■ Task requirements ■
From the line that includes "by rewrite -(ltr_nat R) !natrM; lra." down to the final line of the data below, copy every line exactly and leave the rest out.

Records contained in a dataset
Lemma distinct_gap_path_sorted7_at4 (b0 b1 b2 b3 b4 b5 b6 : R) :
  sorted <%R [:: b0; b1; b2; b3; b4; b5; b6] ->
  distinct_gap_path [:: b0; b1; b2; b3; b4; b5; b6] b4.
Proof.
intro_chain; have [E1|E1] := eqVneq (b4 - b3) (b2 - b1); last by tour [:: 4; 2; 3; 1; 5; 0; 6]%N.
have [E2|E2] := eqVneq (b2 - b1) (b5 - b4); last by tour [:: 4; 1; 3; 2; 5; 0; 6]%N.
have [E3|E3] := eqVneq (b1 - b0) (b6 - b4).
- by tour [:: 4; 0; 5; 3; 6; 2; 1]%N.
- by tour [:: 4; 0; 6; 1; 2; 5; 3]%N.
Qed.

Lemma distinct_gap_path_sorted7_at5 (b0 b1 b2 b3 b4 b5 b6 : R) :
  sorted <%R [:: b0; b1; b2; b3; b4; b5; b6] ->
  distinct_gap_path [:: b0; b1; b2; b3; b4; b5; b6] b5.
Proof.
intro_chain; have [E1|E1] := eqVneq (b1 - b0) (b6 - b5); last by tour [:: 5; 0; 6; 1; 4; 2; 3]%N.
have [E2|E2] := eqVneq (b5 - b4) (b1 - b0); last by tour [:: 5; 1; 6; 0; 4; 2; 3]%N.
have [E3|E3] := eqVneq (b2 - b0) (b4 - b3).
- by tour [:: 5; 2; 1; 6; 0; 3; 4]%N.
- by tour [:: 5; 1; 6; 0; 3; 2; 4]%N.
Qed.

Lemma distinct_gap_path_sorted_upper (bs : seq R) (k : nat) :
  sorted <%R bs -> (size bs <= 7)%N -> (k < size bs)%N -> ((size bs).-1 <= k.*2)%N ->
  distinct_gap_path bs (nth 0 bs k).
Proof.
case: bs => [|b0 [|b1 [|b2 [|b3 [|b4 [|b5 [|b6 [|]]]]]]]] // sorted_bs _;
  have := sorted_bs; intro_chain; case: k => [|[|[|[|[|[|[|k]]]]]]] //= _ _.
- by tour [:: 0]%N.
- by tour [:: 1; 0]%N.
- by tour [:: 1; 0; 2]%N.
- by tour [:: 2; 0; 1]%N.
- by tour [:: 2; 1; 3; 0]%N.
- by tour [:: 3; 0; 2; 1]%N.
- by tour [:: 2; 1; 3; 0; 4]%N.
- exact: distinct_gap_path_sorted5_at3.
- by tour [:: 4; 0; 3; 1; 2]%N.
- by tour [:: 3; 2; 4; 1; 5; 0]%N.
- exact: distinct_gap_path_sorted6_at4.
- by tour [:: 5; 0; 4; 1; 3; 2]%N.
- by tour [:: 3; 2; 4; 1; 5; 0; 6]%N.
- exact: distinct_gap_path_sorted7_at4.
- exact: distinct_gap_path_sorted7_at5.
- by tour [:: 6; 0; 5; 1; 4; 2; 3]%N.
Qed.
End SmallSortedSets.

Lemma distinct_gap_path_mirror (R : numDomainType) (A : seq R) (a : R) :
  distinct_gap_path (map -%R (rev A)) (- a) -> distinct_gap_path A a.
Proof.
move=> /distinct_gap_path_opp; rewrite -map_comp opprK (eq_map (@opprK _)) map_id.
by apply: distinct_gap_path_perm; rewrite perm_rev.
Qed.

Lemma distinct_gap_path_sorted_small (R : realDomainType) (bs : seq R) :
  sorted <%R bs -> (size bs <= 7)%N -> {in bs, forall a, distinct_gap_path bs a}.
Proof.
move=> sorted_bs size_bs a /(nthP 0) [k k_lt <-].
have [k_up|k_low] := leqP (size bs).-1 k.*2.
  exact: distinct_gap_path_sorted_upper.
rewrite -muln2 in k_low; apply: distinct_gap_path_mirror.
have sorted_bs' : sorted <%R (map -%R (rev bs)).
  by rewrite sorted_map rev_sorted (eq_sorted (e' := <%R)) // => x y /=; rewrite ltrN2.
have k'_lt : ((size bs).-1 - k < size bs)%N by lia.
rewrite -[k in nth 0 bs k](_ : size bs - ((size bs).-1 - k).+1 = k)%N; last by lia.
rewrite -nth_rev // -(nth_map 0 0 -%R) ?size_rev //.
apply: distinct_gap_path_sorted_upper; rewrite ?size_map ?size_rev -?muln2 //.
by move: k_low; move: (size bs).-1 => m; lia.
Qed.

Lemma distinct_gap_path_small (R : realDomainType) (A : seq R) :
  uniq A -> (size A <= 7)%N -> {in A, forall a, distinct_gap_path A a}.
Proof.
move=> uniq_A size_A a a_A; apply: (distinct_gap_path_perm (permEl (perm_sort <=%O A))).
by apply: distinct_gap_path_sorted_small; rewrite ?sort_lt_sorted ?size_sort ?mem_sort.
Qed.

Theorem theorem2 (R : realType) (A : seq R) :
  uniq A ->
  ((energy A)%:R : R) < (5%:R / 2%:R) * ((size A) ^ 2)%:R ->
  forall a : R, a \in A ->
    exists t : seq R,
      perm_eq (a :: t) A /\ uniq (gaps a t).
Proof.
move=> uniq_A energy_lt a a_A; suff good : distinct_gap_path A a by exact: good.
have [size_le|size_gt] := leqP (size A) 7; first exact: distinct_gap_path_small.
have {}energy_lt : (2 * energy A < 5 * size A ^ 2)%N.
  by rewrite -(ltr_nat R) !natrM; lra.
have [N size_A] : exists N, size A = N.+1 by exists (size A).-1; rewrite prednK //; lia.
have k_lt : (index a A < N.+1)%N by rewrite -size_A index_mem.
rewrite -(nth_index 0 a_A) -[index a A]/(val (Ordinal k_lt)).
apply: (distinct_gap_path_large uniq_A size_A); first lia.
by rewrite -size_A.
Qed.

■ Task answer ■
  by rewrite -(ltr_nat R) !natrM; lra.
have [N size_A] : exists N, size A = N.+1 by exists (size A).-1; rewrite prednK //; lia.
have k_lt : (index a A < N.+1)%N by rewrite -size_A index_mem.
rewrite -(nth_index 0 a_A) -[index a A]/(val (Ordinal k_lt)).
apply: (distinct_gap_path_large uniq_A size_A); first lia.
by rewrite -size_A.
Qed.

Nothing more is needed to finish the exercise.